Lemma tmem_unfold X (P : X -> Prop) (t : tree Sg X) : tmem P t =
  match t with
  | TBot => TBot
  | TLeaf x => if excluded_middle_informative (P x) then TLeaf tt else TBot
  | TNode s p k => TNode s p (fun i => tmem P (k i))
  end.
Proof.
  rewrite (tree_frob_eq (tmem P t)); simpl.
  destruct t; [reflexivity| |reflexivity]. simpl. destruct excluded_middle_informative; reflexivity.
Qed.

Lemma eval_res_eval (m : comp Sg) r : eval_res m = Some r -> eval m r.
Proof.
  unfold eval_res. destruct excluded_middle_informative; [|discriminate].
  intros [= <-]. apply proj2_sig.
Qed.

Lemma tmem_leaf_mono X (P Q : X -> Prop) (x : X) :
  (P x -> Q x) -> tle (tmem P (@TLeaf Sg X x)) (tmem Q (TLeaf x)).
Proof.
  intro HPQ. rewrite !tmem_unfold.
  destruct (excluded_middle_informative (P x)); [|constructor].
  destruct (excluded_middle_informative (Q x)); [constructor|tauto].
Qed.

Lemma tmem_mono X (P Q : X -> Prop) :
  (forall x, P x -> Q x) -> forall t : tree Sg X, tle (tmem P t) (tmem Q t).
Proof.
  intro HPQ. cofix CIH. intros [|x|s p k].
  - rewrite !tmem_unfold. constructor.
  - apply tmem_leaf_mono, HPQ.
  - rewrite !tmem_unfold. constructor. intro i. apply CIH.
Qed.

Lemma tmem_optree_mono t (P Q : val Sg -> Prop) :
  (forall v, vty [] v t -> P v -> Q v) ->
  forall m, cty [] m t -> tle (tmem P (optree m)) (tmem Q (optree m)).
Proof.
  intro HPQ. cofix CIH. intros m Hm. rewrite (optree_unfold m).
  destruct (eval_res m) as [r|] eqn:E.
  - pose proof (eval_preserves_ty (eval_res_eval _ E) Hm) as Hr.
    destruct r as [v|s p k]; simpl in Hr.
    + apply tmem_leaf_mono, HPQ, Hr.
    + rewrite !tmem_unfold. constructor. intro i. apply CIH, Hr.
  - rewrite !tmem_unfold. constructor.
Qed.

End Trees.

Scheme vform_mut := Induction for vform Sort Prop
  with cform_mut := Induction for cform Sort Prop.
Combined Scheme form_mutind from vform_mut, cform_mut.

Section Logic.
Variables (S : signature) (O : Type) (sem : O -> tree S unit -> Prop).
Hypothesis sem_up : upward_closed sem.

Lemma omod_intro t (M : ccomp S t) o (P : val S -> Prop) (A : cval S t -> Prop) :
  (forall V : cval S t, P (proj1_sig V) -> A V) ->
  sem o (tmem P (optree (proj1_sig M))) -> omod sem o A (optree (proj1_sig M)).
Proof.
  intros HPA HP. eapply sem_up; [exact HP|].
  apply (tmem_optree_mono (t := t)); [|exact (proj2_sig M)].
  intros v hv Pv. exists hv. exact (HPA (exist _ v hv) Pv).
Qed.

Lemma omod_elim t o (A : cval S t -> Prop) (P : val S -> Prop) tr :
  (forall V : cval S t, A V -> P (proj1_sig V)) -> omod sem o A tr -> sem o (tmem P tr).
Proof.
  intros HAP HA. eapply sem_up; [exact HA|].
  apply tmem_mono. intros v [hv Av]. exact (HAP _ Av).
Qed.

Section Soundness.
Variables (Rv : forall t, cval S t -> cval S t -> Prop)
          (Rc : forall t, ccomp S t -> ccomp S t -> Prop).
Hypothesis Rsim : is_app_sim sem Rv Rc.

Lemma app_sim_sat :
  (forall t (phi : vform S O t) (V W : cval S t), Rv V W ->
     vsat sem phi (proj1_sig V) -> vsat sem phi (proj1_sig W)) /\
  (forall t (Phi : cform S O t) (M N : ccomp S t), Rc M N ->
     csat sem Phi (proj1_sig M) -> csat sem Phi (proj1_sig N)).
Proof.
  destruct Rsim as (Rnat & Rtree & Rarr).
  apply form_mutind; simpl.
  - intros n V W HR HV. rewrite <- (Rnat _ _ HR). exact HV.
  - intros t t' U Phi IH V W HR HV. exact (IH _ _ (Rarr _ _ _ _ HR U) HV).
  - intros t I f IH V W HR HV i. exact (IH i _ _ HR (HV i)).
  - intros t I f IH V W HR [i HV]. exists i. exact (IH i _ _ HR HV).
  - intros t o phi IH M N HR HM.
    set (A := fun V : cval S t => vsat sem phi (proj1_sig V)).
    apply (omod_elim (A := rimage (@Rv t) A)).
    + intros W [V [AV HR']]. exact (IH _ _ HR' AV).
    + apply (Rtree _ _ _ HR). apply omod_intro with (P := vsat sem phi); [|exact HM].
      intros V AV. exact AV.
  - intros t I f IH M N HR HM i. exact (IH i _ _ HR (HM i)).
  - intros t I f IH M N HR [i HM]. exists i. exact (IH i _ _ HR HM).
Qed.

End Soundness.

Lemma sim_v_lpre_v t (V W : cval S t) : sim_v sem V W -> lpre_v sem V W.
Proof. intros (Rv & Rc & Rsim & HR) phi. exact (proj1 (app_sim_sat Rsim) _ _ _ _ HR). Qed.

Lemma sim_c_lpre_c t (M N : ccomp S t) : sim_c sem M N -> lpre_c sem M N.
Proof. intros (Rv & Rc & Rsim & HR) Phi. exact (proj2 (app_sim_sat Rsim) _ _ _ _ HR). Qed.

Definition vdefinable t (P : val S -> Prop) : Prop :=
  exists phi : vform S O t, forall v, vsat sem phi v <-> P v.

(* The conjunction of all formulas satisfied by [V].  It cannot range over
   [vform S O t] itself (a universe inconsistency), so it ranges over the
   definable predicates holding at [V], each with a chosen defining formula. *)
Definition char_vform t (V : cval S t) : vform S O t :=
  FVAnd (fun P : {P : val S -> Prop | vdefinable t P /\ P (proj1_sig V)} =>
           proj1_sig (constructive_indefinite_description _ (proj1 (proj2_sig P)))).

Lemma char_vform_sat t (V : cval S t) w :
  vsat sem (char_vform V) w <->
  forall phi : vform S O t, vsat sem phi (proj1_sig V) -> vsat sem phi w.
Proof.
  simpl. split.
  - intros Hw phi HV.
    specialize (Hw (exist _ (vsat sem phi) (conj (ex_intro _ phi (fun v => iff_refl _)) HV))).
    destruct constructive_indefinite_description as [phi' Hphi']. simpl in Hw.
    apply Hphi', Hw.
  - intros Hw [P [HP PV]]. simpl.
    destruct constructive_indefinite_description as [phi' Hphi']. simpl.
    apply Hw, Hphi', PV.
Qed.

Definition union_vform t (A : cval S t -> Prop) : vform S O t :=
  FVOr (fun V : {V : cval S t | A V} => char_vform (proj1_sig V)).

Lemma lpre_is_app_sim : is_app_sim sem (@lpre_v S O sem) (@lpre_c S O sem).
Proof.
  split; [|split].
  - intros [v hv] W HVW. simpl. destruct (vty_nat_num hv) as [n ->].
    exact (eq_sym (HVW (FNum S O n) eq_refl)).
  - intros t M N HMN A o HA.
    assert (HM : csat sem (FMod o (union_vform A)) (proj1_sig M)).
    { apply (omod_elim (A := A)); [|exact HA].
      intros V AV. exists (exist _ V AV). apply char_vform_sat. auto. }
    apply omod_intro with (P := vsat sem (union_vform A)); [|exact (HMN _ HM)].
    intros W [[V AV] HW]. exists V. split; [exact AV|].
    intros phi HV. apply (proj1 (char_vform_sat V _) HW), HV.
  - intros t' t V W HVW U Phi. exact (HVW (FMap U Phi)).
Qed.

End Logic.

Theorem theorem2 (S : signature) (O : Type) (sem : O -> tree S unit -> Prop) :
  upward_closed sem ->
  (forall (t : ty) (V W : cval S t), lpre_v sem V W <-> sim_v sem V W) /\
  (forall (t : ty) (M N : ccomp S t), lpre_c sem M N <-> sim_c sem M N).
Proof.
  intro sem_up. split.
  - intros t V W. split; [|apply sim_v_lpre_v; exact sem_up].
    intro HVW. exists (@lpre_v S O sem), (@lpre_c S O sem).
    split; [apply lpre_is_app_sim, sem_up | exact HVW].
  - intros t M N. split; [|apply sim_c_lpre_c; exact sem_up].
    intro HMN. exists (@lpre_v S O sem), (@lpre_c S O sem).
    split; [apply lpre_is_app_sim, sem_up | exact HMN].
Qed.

...

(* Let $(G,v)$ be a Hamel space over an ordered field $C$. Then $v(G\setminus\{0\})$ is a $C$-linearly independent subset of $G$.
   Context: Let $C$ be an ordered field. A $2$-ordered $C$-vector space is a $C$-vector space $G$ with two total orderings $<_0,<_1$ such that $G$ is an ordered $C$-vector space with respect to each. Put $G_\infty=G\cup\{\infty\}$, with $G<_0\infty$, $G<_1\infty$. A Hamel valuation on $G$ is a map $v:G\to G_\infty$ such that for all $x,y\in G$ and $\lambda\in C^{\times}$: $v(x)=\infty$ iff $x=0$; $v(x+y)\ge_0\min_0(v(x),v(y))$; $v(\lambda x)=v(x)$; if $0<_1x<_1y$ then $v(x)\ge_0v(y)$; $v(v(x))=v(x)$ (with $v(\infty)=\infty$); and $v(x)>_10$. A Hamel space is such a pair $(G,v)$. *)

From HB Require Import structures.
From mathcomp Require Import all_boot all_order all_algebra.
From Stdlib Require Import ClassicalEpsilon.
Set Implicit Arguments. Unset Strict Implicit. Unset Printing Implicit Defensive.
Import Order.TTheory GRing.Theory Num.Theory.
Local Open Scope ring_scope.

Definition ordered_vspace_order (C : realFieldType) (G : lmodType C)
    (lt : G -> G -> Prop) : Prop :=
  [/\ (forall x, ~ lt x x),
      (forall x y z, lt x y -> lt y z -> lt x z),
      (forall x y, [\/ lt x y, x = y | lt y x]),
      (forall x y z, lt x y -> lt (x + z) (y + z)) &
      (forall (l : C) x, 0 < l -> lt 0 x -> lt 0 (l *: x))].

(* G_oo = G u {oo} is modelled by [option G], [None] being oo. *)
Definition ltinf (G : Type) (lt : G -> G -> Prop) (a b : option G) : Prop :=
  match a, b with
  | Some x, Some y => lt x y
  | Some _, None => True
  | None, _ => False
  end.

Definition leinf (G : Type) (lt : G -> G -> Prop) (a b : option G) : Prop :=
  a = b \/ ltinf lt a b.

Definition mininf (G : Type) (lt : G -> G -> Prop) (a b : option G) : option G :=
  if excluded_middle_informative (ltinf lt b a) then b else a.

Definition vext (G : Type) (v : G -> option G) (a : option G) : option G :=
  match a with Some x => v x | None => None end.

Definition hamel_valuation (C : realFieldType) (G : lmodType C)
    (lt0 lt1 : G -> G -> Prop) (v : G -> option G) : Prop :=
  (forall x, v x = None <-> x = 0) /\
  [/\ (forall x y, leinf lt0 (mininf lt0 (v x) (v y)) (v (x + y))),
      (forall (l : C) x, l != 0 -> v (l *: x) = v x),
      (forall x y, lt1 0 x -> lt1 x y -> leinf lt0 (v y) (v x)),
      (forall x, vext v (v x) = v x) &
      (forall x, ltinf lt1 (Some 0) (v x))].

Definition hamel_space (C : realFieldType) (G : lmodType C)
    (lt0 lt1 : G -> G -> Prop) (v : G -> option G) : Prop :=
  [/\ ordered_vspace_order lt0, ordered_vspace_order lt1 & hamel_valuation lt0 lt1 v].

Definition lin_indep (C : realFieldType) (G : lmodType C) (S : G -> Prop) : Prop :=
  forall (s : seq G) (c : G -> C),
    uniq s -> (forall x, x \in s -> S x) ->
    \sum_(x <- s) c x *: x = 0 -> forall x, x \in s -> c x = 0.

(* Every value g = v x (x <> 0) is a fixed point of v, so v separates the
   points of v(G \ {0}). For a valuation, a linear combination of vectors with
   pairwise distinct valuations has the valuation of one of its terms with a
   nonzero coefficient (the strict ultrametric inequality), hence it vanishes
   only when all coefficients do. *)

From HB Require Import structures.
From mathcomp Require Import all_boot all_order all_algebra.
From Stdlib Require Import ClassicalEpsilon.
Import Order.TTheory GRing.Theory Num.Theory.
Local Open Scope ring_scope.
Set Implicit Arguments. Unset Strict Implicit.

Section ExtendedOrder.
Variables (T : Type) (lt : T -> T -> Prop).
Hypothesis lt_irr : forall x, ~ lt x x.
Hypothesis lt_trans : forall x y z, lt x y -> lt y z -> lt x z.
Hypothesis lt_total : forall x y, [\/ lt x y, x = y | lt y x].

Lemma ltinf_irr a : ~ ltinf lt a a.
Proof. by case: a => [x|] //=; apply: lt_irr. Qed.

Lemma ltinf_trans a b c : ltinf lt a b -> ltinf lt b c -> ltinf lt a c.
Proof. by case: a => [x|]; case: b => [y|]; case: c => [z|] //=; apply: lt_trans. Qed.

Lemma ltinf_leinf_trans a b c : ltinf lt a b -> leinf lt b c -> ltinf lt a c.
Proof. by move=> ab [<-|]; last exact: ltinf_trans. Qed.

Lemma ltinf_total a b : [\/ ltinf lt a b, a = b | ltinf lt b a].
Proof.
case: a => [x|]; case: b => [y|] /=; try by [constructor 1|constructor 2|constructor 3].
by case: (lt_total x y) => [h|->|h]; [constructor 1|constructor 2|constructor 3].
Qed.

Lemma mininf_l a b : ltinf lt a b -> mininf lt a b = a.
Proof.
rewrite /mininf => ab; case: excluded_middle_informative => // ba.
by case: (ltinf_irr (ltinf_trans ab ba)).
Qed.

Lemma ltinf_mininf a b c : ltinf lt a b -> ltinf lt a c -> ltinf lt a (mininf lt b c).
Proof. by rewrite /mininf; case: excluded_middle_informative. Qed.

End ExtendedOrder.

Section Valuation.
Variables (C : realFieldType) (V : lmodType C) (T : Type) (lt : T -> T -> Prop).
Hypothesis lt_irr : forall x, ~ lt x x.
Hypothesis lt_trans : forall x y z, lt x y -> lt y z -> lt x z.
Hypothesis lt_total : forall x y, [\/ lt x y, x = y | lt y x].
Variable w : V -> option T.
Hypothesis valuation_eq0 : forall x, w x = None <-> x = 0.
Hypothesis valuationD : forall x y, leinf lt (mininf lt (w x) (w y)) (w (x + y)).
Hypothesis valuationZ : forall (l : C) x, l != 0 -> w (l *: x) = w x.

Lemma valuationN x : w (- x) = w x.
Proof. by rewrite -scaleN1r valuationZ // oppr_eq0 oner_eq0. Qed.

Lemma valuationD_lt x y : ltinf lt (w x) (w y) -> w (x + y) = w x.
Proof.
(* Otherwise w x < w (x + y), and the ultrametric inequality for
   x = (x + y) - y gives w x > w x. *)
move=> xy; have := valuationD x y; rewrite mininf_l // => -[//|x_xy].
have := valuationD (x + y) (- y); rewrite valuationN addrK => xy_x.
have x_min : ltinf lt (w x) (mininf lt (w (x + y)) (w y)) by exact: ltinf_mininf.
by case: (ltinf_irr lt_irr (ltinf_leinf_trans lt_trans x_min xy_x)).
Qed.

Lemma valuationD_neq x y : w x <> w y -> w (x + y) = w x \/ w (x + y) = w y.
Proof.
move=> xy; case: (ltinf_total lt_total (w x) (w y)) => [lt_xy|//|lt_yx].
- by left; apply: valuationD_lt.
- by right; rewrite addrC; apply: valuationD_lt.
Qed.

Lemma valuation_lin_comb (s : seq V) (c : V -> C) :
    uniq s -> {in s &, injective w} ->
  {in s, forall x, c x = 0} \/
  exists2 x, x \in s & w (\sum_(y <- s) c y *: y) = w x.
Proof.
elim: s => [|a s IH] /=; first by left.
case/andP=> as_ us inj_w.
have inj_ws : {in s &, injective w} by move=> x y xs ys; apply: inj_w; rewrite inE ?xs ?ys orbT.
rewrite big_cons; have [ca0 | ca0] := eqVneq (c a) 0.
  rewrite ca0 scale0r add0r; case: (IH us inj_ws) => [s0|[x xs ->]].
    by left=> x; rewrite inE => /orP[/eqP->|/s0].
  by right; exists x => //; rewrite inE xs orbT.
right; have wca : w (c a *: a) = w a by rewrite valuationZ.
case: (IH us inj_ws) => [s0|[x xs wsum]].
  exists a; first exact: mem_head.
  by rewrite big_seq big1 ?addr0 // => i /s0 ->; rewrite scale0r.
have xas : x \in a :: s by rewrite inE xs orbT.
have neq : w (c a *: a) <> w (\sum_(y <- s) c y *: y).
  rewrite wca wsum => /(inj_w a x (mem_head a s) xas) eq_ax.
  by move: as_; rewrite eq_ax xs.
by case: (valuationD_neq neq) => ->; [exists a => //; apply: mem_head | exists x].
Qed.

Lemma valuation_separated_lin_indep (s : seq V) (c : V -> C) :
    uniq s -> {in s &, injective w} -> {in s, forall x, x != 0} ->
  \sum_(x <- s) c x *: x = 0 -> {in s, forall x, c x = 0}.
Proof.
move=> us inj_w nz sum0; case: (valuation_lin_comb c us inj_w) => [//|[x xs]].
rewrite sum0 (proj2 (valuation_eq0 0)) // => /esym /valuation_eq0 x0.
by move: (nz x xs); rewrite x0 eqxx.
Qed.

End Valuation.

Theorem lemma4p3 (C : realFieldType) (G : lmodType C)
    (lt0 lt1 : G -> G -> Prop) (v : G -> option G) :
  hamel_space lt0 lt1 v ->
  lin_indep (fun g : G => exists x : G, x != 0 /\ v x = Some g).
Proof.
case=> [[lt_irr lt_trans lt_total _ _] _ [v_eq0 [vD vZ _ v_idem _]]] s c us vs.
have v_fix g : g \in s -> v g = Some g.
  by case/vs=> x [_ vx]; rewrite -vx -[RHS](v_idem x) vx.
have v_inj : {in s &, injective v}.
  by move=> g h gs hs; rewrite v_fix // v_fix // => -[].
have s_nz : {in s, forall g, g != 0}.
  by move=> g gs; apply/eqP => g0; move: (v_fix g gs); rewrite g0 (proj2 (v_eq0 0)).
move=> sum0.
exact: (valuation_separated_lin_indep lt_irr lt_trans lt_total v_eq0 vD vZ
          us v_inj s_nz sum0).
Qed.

**TASK PROMPT:**
All that is wanted is a faithful reproduction of the line above with "Lemma tmem_unfold X", the line with "Lemma tmem_leaf_mono X", and every line in between.

**YOUR SOLUTION:**
Lemma tmem_unfold X (P : X -> Prop) (t : tree Sg X) : tmem P t =
  match t with
  | TBot => TBot
  | TLeaf x => if excluded_middle_informative (P x) then TLeaf tt else TBot
  | TNode s p k => TNode s p (fun i => tmem P (k i))
  end.
Proof.
  rewrite (tree_frob_eq (tmem P t)); simpl.
  destruct t; [reflexivity| |reflexivity]. simpl. destruct excluded_middle_informative; reflexivity.
Qed.

Lemma eval_res_eval (m : comp Sg) r : eval_res m = Some r -> eval m r.
Proof.
  unfold eval_res. destruct excluded_middle_informative; [|discriminate].
  intros [= <-]. apply proj2_sig.
Qed.

Lemma tmem_leaf_mono X (P Q : X -> Prop) (x : X) :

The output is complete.